Вчера лег опять поздно, встал сегодня в девять, отчего голова работает энергично, но с малыми результатами. С утра беспокоит меня, что вечером надо выступать в Доме кино, читать первые страницы сценария. Пишу и отвлекаюсь. В час приходит Наташа. Идем с ней гулять. Решаем посетить Эрмитаж. Подходим к знакомым кариатидам. Дверь заперта. Никаких указаний на то, где теперь вход. Не может быть, что музей закрыт. Ведь сегодня воскресенье. Идут не спеша милиционер и милиционерша. Спрашиваем их. Оказывается, теперь вход с набережной. Зимний дворец со стороны набережной — в лесах, заканчивается окраска здания. Через фанерный коридор под лесами входим в музей. Идем по отделу первобытной культуры. Высохшая мумия коня из кургана. Лежит конь, покорно подогнув голову. Остатки рыжеватой шерсти. Огромный плоский кусок скалы с наскальными рисунками. Как всегда в Эрмитаже внимание болезненно напряжено, от богатства разбивается, разбегается. Не проходит и часу, как охватывает меня особая музейная тоска. Именно тоска, а не скука. Все по недостатку культуры. В результате только античные статуи производят сильное впечатление. Особенно Венера Таврическая, Тит и Веспасиан из черного базальта и статуи детей. В итальянском отделе смотришь одну картину, а остальные мешают. Отхожу душой у фламандцев. Вдруг поражает, уже когда мы выходим и мне кажется, что ничего больше не пойму, Глюк Гудона. Вечером иду на открытие Дома кино. Трауберг говорит[22], что читать мне не придется — программа велика. Я охотно соглашаюсь. Серебряков играет прелюд Рахманинова[23]. Шостакович — одну часть квинтета. Сидящий позади меня гражданин говорит своей даме: «А все-таки к Шостаковичу можно привыкнуть». — «Привыкнуть! — возмущается дама. — Что вы говорите! Я им восхищаюсь! Совершенно новое звучание. А сколько юмора! Это сплошной смех». Потом показывают отрывки из картин: хроника, где Пахомов рисует на крыше каменщиков[24]. Репетиция оперы Дзержинского[25], где Шлепянов со своими недобрыми, черными глазами учит певцов и певиц петь партизан.

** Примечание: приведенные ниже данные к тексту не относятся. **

Lemma ForallOrdPairs_filter (T : Type) (P : T -> T -> Prop) (b : pred T) (l : list T) :
  ForallOrdPairs P l -> ForallOrdPairs P (List.filter b l).
Proof.
elim: l => [|a l IH] l_P //=; inversion l_P as [|? ? a_P l_P']; subst.
case: (b a); last exact: IH.
constructor; last exact: IH.
by apply/Forall_forall => x /filter_In [hx _]; exact: (proj1 (Forall_forall _ _) a_P x hx).
Qed.

Lemma length_filter_predC (T : Type) (b : pred T) (l : list T) :
  length (List.filter b l) + length (List.filter (predC b) l) = length l.
Proof. by elim: l => //= a l IH; case: (b a) => /=; lia. Qed.

Lemma uniq_ForallOrdPairs (U : eqType) (s : list U) :
  uniq s <-> ForallOrdPairs (fun a b => a <> b) s.
Proof.
elim: s => [|a s IH] /=; first by split=> // _; constructor.
split=> [/andP[a_s /IH s_dist]|s_dist].
  constructor => //; apply/Forall_forall => x /In_mem x_s ax.
  by move: a_s; rewrite ax x_s.
inversion s_dist as [|? ? a_dist s_dist']; subst.
rewrite (proj2 IH s_dist') andbT; apply/negP => /In_mem a_s.
exact: (proj1 (Forall_forall _ _) a_dist a a_s).
Qed.

Lemma uniq_map_ForallOrdPairs (T : Type) (U : eqType) (f : T -> U) (l : list T) :
  ForallOrdPairs (fun a b => f a <> f b) l -> uniq (seq.map f l).
Proof.
move=> l_dist; apply/uniq_ForallOrdPairs; rewrite -map_List.
by apply: ForallOrdPairs_map l_dist.
Qed.

Lemma pboolP (P : Prop) : reflect P (pbool P).
Proof. by rewrite /pbool; case: excluded_middle_informative => h; constructor. Qed.

Lemma pbool_true (P : Prop) : P -> pbool P = true.
Proof. by move/pboolP. Qed.

Lemma sum_nat_gt0_exists (I : finType) (f : I -> nat) : 0 < \sum_i f i -> exists i, 0 < f i.
Proof.
by rewrite lt0n sum_nat_eq0 => /forallPn [i]; rewrite -lt0n; exists i.
Qed.

Lemma sum_bool_le1 (I : finType) (b : pred I) :
  (forall p q, b p -> b q -> p = q) -> \sum_p (b p : nat) <= 1.
Proof.
move=> b_uniq; have [p bp|b0] := pickP b; last by rewrite big1 // => i _; rewrite b0.
rewrite (bigD1 p) //= bp big1 // => q /negPf nqp.
by case bq: (b q) => //; rewrite (b_uniq _ _ bq bp) eqxx in nqp.
Qed.

Lemma sum_ord_le1 (f : nat -> nat) N : (forall n, f n <= 1) ->
  (forall n m, 0 < f n -> 0 < f m -> n = m) -> \sum_(n < N) f n <= 1.
Proof.
move=> f_le1 f_uniq; elim: N => [|N IH]; first by rewrite big_ord0.
rewrite big_ord_recr /=; have [->|fN] := posnP (f N); first by rewrite addn0.
rewrite big1 ?add0n // => i _; have [//|fi] := posnP (f i).
by move: (ltn_ord i); rewrite (f_uniq _ _ fi fN) ltnn.
Qed.

Section AsymptoticClass.
Variable A : finType.
Variables X C : (Z -> A) -> Prop.
Hypothesis HX : shift_space X.
Variable x0 : Z -> A.
Hypothesis X_x0 : X x0.
Hypothesis C_def : forall y, C y <-> X y /\ right_asym x0 y.

Definition in_Cplus (u : nat -> A) := exists x, C x /\ forall n : nat, x (Z.of_nat n) = u n.
Definition extends (u : nat -> A) (a : A) :=
  exists x, C x /\ rpart x 0 = a /\ forall k, rpart x k.+1 = u k.
Definition branching (u : nat -> A) := ellC C u - 1.
Definition sdrop (m : nat) (u : nat -> A) : nat -> A := fun n => u (n + m).
Definition scons (a : A) (u : nat -> A) : nat -> A := fun n => if n is k.+1 then u k else a.

Lemma ellC_sum u : ellC C u = \sum_(a : A) pbool (extends u a).
Proof.
rewrite /ellC -sum1_card big_mkcond /=; apply: eq_bigr => a _.
by rewrite inE; case: pbool.
Qed.

Lemma C_shift k x : C x -> C (shiftk k x).
Proof.
move/C_def => [Xx [i [j ij]]]; apply/C_def; split; first exact: (proj2 HX).
exists i, (j - k)%Z => n; rewrite ij /rpart /shiftk; congr x; lia.
Qed.

Lemma C_x0 : C x0.
Proof. by apply/C_def; split => //; exists 0%Z, 0%Z. Qed.

Lemma same_orbit_sym (x y : Z -> A) : same_orbit x y -> same_orbit y x.
Proof. by move=> [k hk]; exists (- k)%Z => i; rewrite /shiftk hk /shiftk; congr x; lia. Qed.

Lemma same_orbit_trans (x y w : Z -> A) : same_orbit x y -> same_orbit y w -> same_orbit x w.
Proof.
by move=> [k hk] [k' hk']; exists (k' + k)%Z => i; rewrite hk' /shiftk hk /shiftk; congr x; lia.
Qed.

Lemma in_Cplus_sdrop m u : in_Cplus u -> in_Cplus (sdrop m u).
Proof.
move=> [x [Cx xu]]; exists (shiftk (Z.of_nat m) x); split; first exact: C_shift.
by move=> n; rewrite /shiftk /sdrop -xu Nat2Z.inj_add.
Qed.

Lemma in_Cplus_scons a u : in_Cplus (scons a u) <-> extends u a.
Proof.
split=> [[x [Cx xu]]|[x [Cx [x0a xu]]]].
  by exists x; split => //; split => [|k]; rewrite /rpart xu.
by exists x; split => // -[|n] /=; [exact: x0a|exact: xu n].
Qed.

Lemma in_Cplus_extends u a : extends u a -> in_Cplus u.
Proof.
move=> [x [Cx [_ xu]]]; exists (shiftk 1 x); split; first exact: C_shift.
by move=> n; rewrite /shiftk -xu /rpart Nat2Z.inj_succ.
Qed.
(* Assume $(g,\mathfrak{D})$ satisfy B1–B3 with constant $\kappa>0$. Then for every $X\in\mathbb{R}^{m\times n}$ and every $D\in\mathfrak{D}$, with the norm $\|\cdot\|=\|\cdot\|_{1\to2}$, $$L_X(D)\le\frac{2}{n\sqrt\kappa}\|X\|_F^2,\qquad C_X(D)\le\frac{2}{n\kappa}\|X\|_F^2.$$
   Context: $\mathfrak{D}\subset\mathbb{R}^{m\times d}$. B1: $g=\chi_{\mathcal K}$ is the indicator of a set $\mathcal K\subset\mathbb{R}^d$ ($0$ on $\mathcal K$, $+\infty$ outside); B2: $\kappa\|\alpha\|_1^2\le\|D\alpha\|_2^2$ for all $\alpha\in\mathcal K$, $D\in\mathfrak{D}$; B3: $0\in\mathcal K$. $\mathcal{L}_x(D,\alpha)=\tfrac12\|x-D\alpha\|_2^2+g(\alpha)$, $f_x(D)=\inf_\alpha\mathcal{L}_x(D,\alpha)$. $\|\Delta\|_{1\to2}=\max_j\|\delta_j\|_2$ with dual norm $\|\cdot\|_\star$ w.r.t. the Frobenius inner product. For $X=[x_1,\dots,x_n]$ and $\epsilon>0$, $\mathfrak{A}_\epsilon(X,D)=\{A=[\alpha_1,\dots,\alpha_n]:\ \mathcal{L}_{x_i}(D,\alpha_i)\le f_{x_i}(D)+\epsilon\ \forall i\}$; $L_X(D)=\inf_{\epsilon>0}\sup_{A\in\mathfrak{A}_\epsilon(X,D)}\frac1n\|(X-DA)A^\top\|_\star$, $C_X(D)=\inf_{\epsilon>0}\sup_{A\in\mathfrak{A}_\epsilon(X,D)}\frac1{2n}\sum_i\|\alpha_i\|_1^2$. *)

From Stdlib Require Import Reals Lra Classical ClassicalEpsilon.
Open Scope R_scope.

(* Vectors are functions nat -> R (only indices < dimension matter);
   matrices are functions nat -> nat -> R (row index, column index). *)

Fixpoint fsum (k : nat) (f : nat -> R) : R :=
  match k with O => 0 | S k' => fsum k' f + f k' end.

Fixpoint fmax (k : nat) (f : nat -> R) : R :=
  match k with O => 0 | S k' => Rmax (fmax k' f) (f k') end.

Inductive Ebar := Fin (r : R) | PInf | NInf.

Definition Ele (x y : Ebar) : Prop :=
  match x, y with
  | NInf, _ => True
  | _, PInf => True
  | Fin a, Fin b => a <= b
  | _, _ => False
  end.
(* Let $\mathcal{X},\mathcal{Y}$ be finite alphabets and $P_{XY}$ a joint PMF on $\mathcal{X}\times\mathcal{Y}$ with $P_X$ fully supported. Let $(X^N,Y^N)\sim P_{XY}^{\otimes N}$, $M\in\mathbb{N}$, $\beta>0$, $L=\beta\log M$, $N=ML$ (integer constraints ignored), with fragments $\boldsymbol{X}(i)=X_{(i-1)L+1}^{iL}$. Let $\hat X^N\in\arg\max_{\tilde X^N\in\mathcal{A}_L(X^N)}\mathbb{P}[Y^N\mid\tilde X^N]$ be a maximum-likelihood reconstruction, $\mathcal{A}_L(X^N)=\{(\boldsymbol{X}(\pi(1)),\ldots,\boldsymbol{X}(\pi(M))):\pi\in S_M\}$, with fragments $\hat{\boldsymbol{X}}(i)$. Let $\Delta:\mathcal{X}\times\mathcal{X}\to\mathbb{R}_+$ be a distortion measure, extended to fragments by $\Delta(\tilde{\boldsymbol{x}},\bar{\boldsymbol{x}})=\frac1L\sum_{j\in[L]}\Delta(\tilde x_j,\bar x_j)$; for $\delta>0$ let $\Xi_\delta=\frac1M\sum_{i\in[M]}\mathbb{1}\{\Delta(\boldsymbol{X}(i),\hat{\boldsymbol{X}}(i))\geq\delta\}$ and $\mathsf{FP}(\delta,\xi)=\mathbb{P}[\Xi_\delta\geq\xi]$. Define $$d^*_{P_{Y|X}}(\delta)=\min_{Q_{X_1X_2}\in\mathcal{P}(\mathcal{X}^2):\ \Delta(Q_{X_1X_2})\geq\delta} d_{P_{Y|X}}(Q_{X_1X_2}).$$ Assume $\beta<1/H(P_X)$. If $\xi>H(P_X)/d^*_{P_{Y|X}}(\delta)$, then $\mathsf{FP}(\delta,\xi)=o(1)$ as $M\to\infty$.
   Context: $d_{P_{Y|X}}(x_1,x_2)=-\log\sum_{y}\sqrt{P_{Y|X}(y|x_1)P_{Y|X}(y|x_2)}$; for a joint PMF $Q_{X_1X_2}$ on $\mathcal{X}^2$, $d_{P_{Y|X}}(Q_{X_1X_2})=\sum_{x_1,x_2}Q_{X_1X_2}(x_1,x_2)d_{P_{Y|X}}(x_1,x_2)$ and $\Delta(Q_{X_1X_2})=\sum_{x_1,x_2}Q_{X_1X_2}(x_1,x_2)\Delta(x_1,x_2)$. $H(P_X)$ is the Shannon entropy (natural logarithms); $\mathcal{P}(\mathcal{X}^2)$ is the probability simplex on $\mathcal{X}^2$. *)

From HB Require Import structures.
From mathcomp Require Import all_boot all_order all_algebra all_fingroup.
From mathcomp Require Import all_classical all_reals all_analysis.
Set Implicit Arguments. Unset Strict Implicit. Unset Printing Implicit Defensive.
Import Order.TTheory GRing.Theory Num.Theory.
Local Open Scope ring_scope.

Section Defs.
Context {R : realType} {X Y : finType}.

Definition PX (P : X -> Y -> R) (x : X) : R := \sum_(y : Y) P x y.
Definition PYgX (P : X -> Y -> R) (x : X) (y : Y) : R := P x y / PX P x.
(* Shannon entropy of P_X in nats (ln 0 = 0, so 0 ln 0 = 0) *)
Definition entropyX (P : X -> Y -> R) : R := - \sum_(x : X) PX P x * ln (PX P x).

(* Bhattacharyya coefficient and d_{P_{Y|X}}(x1,x2) = -log BC, +oo when BC = 0 *)
Definition bhat (P : X -> Y -> R) (x1 x2 : X) : R :=
  \sum_(y : Y) Num.sqrt (PYgX P x1 y * PYgX P x2 y).
Definition dB (P : X -> Y -> R) (x1 x2 : X) : \bar R :=
  if bhat P x1 x2 == 0 then +oo%E else (- ln (bhat P x1 x2))%:E.

Definition is_pmf2 (Q : X * X -> R) : Prop :=
  (forall z, 0 <= Q z) /\ \sum_(z : X * X) Q z = 1.
Definition dQ (P : X -> Y -> R) (Q : X * X -> R) : \bar R :=
  (\sum_(z : X * X) (Q z)%:E * dB P z.1 z.2)%E.
Definition DeltaQ (D : X -> X -> R) (Q : X * X -> R) : R :=
  \sum_(z : X * X) Q z * D z.1 z.2.
(* d^*(delta) = min over Q in P(X^2) with Delta(Q) >= delta of d(Q)
   (infimum in \bar R; +oo if the constraint set is empty) *)
Definition dstar (P : X -> Y -> R) (D : X -> X -> R) (delta : R) : \bar R :=
  ereal_inf [set dQ P Q | Q in [set Q | is_pmf2 Q /\ delta <= DeltaQ D Q]].

Definition Lfrag (beta : R) (M : nat) : nat := `|Num.ceil (beta * ln (M%:R : R))|%N.

(* An outcome (X^N, Y^N), N = M L, indexed by (fragment i, position k):
   entry (i,k) is the ((i-1)L+k)-th symbol pair. *)
Definition prob {M L : nat} (P : X -> Y -> R) (w : {ffun 'I_M * 'I_L -> X * Y}) : R :=
  \prod_(z : 'I_M * 'I_L) P (w z).1 (w z).2.
(* P[Y^N | tilde X^N] where tilde X(i) = X(pi i) *)
Definition lik {M L : nat} (P : X -> Y -> R) (w : {ffun 'I_M * 'I_L -> X * Y})
  (pi : {perm 'I_M}) : R :=
  \prod_(z : 'I_M * 'I_L) PYgX P (w (pi z.1, z.2)).1 (w z).2.
(* Delta(X(i), hat X(i)) with hat X(i) = X(pi i) *)
Definition fragDist {M L : nat} (D : X -> X -> R) (w : {ffun 'I_M * 'I_L -> X * Y})
  (pi : {perm 'I_M}) (i : 'I_M) : R :=
  (L%:R)^-1 * \sum_(k < L) D (w (i, k)).1 (w (pi i, k)).1.
Definition Xi {M L : nat} (D : X -> X -> R) (delta : R)
  (w : {ffun 'I_M * 'I_L -> X * Y}) (pi : {perm 'I_M}) : R :=
  (M%:R)^-1 * (#|[set i : 'I_M | delta <= fragDist D w pi i]|)%:R.
Definition FP {M L : nat} (P : X -> Y -> R) (D : X -> X -> R) (delta xi : R)
  (dec : {ffun 'I_M * 'I_L -> X * Y} -> {perm 'I_M}) : R :=
  \sum_(w : {ffun 'I_M * 'I_L -> X * Y}) (if xi <= Xi D delta w (dec w) then prob P w else 0).
Lemma jordan_basis_mod_dim K P v : subspace K -> jordan_basis_mod K P v ->
  dim_mod_is K (sumn P).
Proof.
move=> HK [_ span free].
pose T := {j : 'I_(size P) & 'I_(nth 0%N P j)}.
have cardT : #|{: T}| = sumn P.
  rewrite card_tagged sumnE big_map big_enum /= sumnE (big_nth 0%N) big_mkord.
  by apply: eq_bigr => j _; rewrite card_ord.
have combT c : strings_comb P c v =
    \sum_(x : T) c (tag x) (tagged x) *: Lpow (tagged x) (v (tag x)).
  exact: (@sig_big_dep _ 0 +%R 'I_(size P) (fun j => 'I_(nth 0%N P j)) xpredT
            (fun _ => xpredT) (fun j t => c j t *: Lpow t (v j))).
rewrite -cardT.
apply: (dim_mod_is_basis (B := fun x : T => Lpow (tagged x) (v (tag x))) HK) => [g|a Ka x].
  by have [c Kc] := span g; exists (fun x : T => c (tag x) (tagged x)); rewrite combT in Kc.
pose c (j t : nat) := oapp (fun j' : 'I_(size P) => oapp (fun t' : 'I_(nth 0%N P j') =>
  a (Tagged (fun i : 'I_(size P) => 'I_(nth 0%N P i)) t')) 0 (insub t)) 0 (insub j).
have cE (y : T) : c (tag y) (tagged y) = a y.
  by case: y => j t; rewrite /c /= valK /= valK.
case: x => j t; rewrite -cE; apply: (free c) => //=.
by rewrite combT; under eq_bigr do rewrite cE.
Qed.

Section Preimage.
Variables (K : V -> Prop) (P : seq nat) (v : nat -> V).
Hypotheses (HK : subspace K) (sK : stable K) (Jv : jordan_basis_mod K P v).

Lemma strings_comb_pred c : strings_comb [seq x.-1 | x <- P] c v =
  \sum_(j < size P) \sum_(t < (nth 0%N P j).-1) c j t *: Lpow t (v j).
Proof.
by rewrite /strings_comb size_map; apply: eq_bigr => j _; rewrite (nth_map 0%N).
Qed.

Lemma jordan_basis_mod_preimL :
  jordan_basis_mod (preimL K) [seq x.-1 | x <- P] v.
Proof.
have HK' : subspace (preimL K) := subspace_preim L HK.
case: Jv => top span free; split=> [j|g|c].
- rewrite size_map => ltjP; rewrite (nth_map 0%N) // /preimL.
  by case: (nth 0%N P j) (top j ltjP) => [/sK|b].
- have [c Kc] := span g; exists c; rewrite strings_comb_pred.
  rewrite -[g](subrK (strings_comb P c v)) -addrA; apply: (subspaceD HK').
    exact: sK.
  rewrite /strings_comb -sumrB; apply: (subspace_sum HK') => j _.
  have := top j (ltn_ord j).
  case: (nth 0%N P j) => [|b] Kb; first by rewrite !big_ord0 subrr; apply: subspace0.
  rewrite big_ord_recr /= addrAC subrr add0r; apply: (subspaceZ HK').
  exact: Kb.
rewrite strings_comb_pred /preimL linear_sum => Kc j t.
rewrite size_map => ltjP; rewrite (nth_map 0%N) // => ltt.
pose c' j t := if t is t'.+1 then c j t' else 0.
have /free /(_ j t.+1 ltjP) : K (strings_comb P c' v).
  congr K: Kc; apply: eq_bigr => i _; rewrite linear_sum.
  case: (nth 0%N P i) => [|b] /=; first by rewrite !big_ord0.
  rewrite big_ord_recl /= scale0r add0r; apply: eq_bigr => s _.
  by rewrite linearZ.
by apply; rewrite -ltn_predRL.
Qed.

End Preimage.
Lemma sum_children_iota (F : 'I_n.+1 -> R) :
  \sum_k F (iota k) = \sum_(j in children A (last ord0 nu)) F j.
Proof.
have -> : children A (last ord0 nu) = iota @: [set: 'I_c].
  apply/setP => i; apply/idP/imsetP => [/iota_onto[k <-]|[k _ ->]//].
  by exists k; rewrite ?in_setT.
rewrite big_imset /=; last by move=> ? ? _ _; apply: iota_inj.
by apply: eq_bigl => k; rewrite in_setT.
Qed.

Definition cyl_step (b : 'I_c -> R) (x : Omega A) : R := \sum_k b k * \1_(C k) x.

Lemma cyl_step_at b k x : C k x -> cyl_step b x = b k.
Proof.
move=> x_C; rewrite /cyl_step (bigD1 k) //= indicE mem_set // mulr1.
rewrite big1 ?addr0 // => k' k'_neq.
rewrite indicE memNset ?mulr0 // => x_C'; move/eqP: k'_neq; apply.
by apply: iota_inj; rewrite -(cyl_rcons_at x_C) (cyl_rcons_at x_C').
Qed.

Lemma cyl_step_out b x : ~ cyl A nu x -> cyl_step b x = 0.
Proof.
move=> x_nu; rewrite /cyl_step big1 // => k _.
by rewrite indicE memNset ?mulr0 // => /cyl_rcons_sub.
Qed.

Variant cyl_step_spec (x : Omega A) : Prop :=
  | CylStepOut of ~ cyl A nu x & forall b, cyl_step b x = 0
  | CylStepIn k of C k x & forall b, cyl_step b x = b k.

Lemma cyl_stepP x : cyl_step_spec x.
Proof.
have [x_nu|x_nu] := pselect (cyl A nu x); last first.
  by apply: CylStepOut => // b; apply: cyl_step_out.
have [/iota_onto[k kE] x_C] := cyl_rcons_next nu_ne x_nu.
by rewrite -kE in x_C; apply: (CylStepIn x_C) => b; apply: cyl_step_at.
Qed.

Lemma cyl_step_const r x : cyl_step (fun=> r) x = r * \1_(cyl A nu) x.
Proof.
case: (cyl_stepP x) => [x_nu ->|k x_C ->]; rewrite indicE.
  by rewrite memNset ?mulr0.
by rewrite mem_set ?mulr1 //; apply: cyl_rcons_sub x_C.
Qed.

Lemma cyl_stepM b b' x :
  cyl_step b x * cyl_step b' x = cyl_step (fun k => b k * b' k) x.
Proof. by case: (cyl_stepP x) => [_ E|k _ E]; rewrite !E ?mul0r. Qed.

Затем «Цитадель» — две сцены, «Пирогов» — две сцены. Затем концерт. Дзержинский, Соловьев-Седой, партерные акробаты, актеры Александринки, танцоры из железнодорожного ансамбля. Затем мы ужинали.

22 сентября 1947

Понедельник проходит благополучно. Голова не болит. Напротив — работает в достаточной степени отчетливо. Бьюсь над серединой сценария. Наташа рядом чертит таблицы по санскриту. От времени до времени мы обмениваемся философскими мыслями. Но написал мало. Работа, несмотря на хорошо работающую голову, делается медленно. Впрочем, отчасти виноваты в этом визитеры. Приходит в два часа Ягдфельд[26]. Он пишет для Уваровой эстрадный номер. Сидит у стола маленький, с большой шевелюрой, беспокойно поглядывает карими своими глазами, советуется. Номер ничего себе, но как всегда чего-то в нем не хватает. Весу, что ли, и я, как всегда, чувствую себя совершенно беспомощным, когда надо определить, чего не хватает. В таких случаях я удивляюсь Акимову и завидую его ясной голове. Ну вот. Около трех приходит сама Уварова. Продолжаем советоваться и, наконец, общими силами как будто придумываем, что делать дальше. После этого Ягдфельд удаляется. Лиза Уварова остается.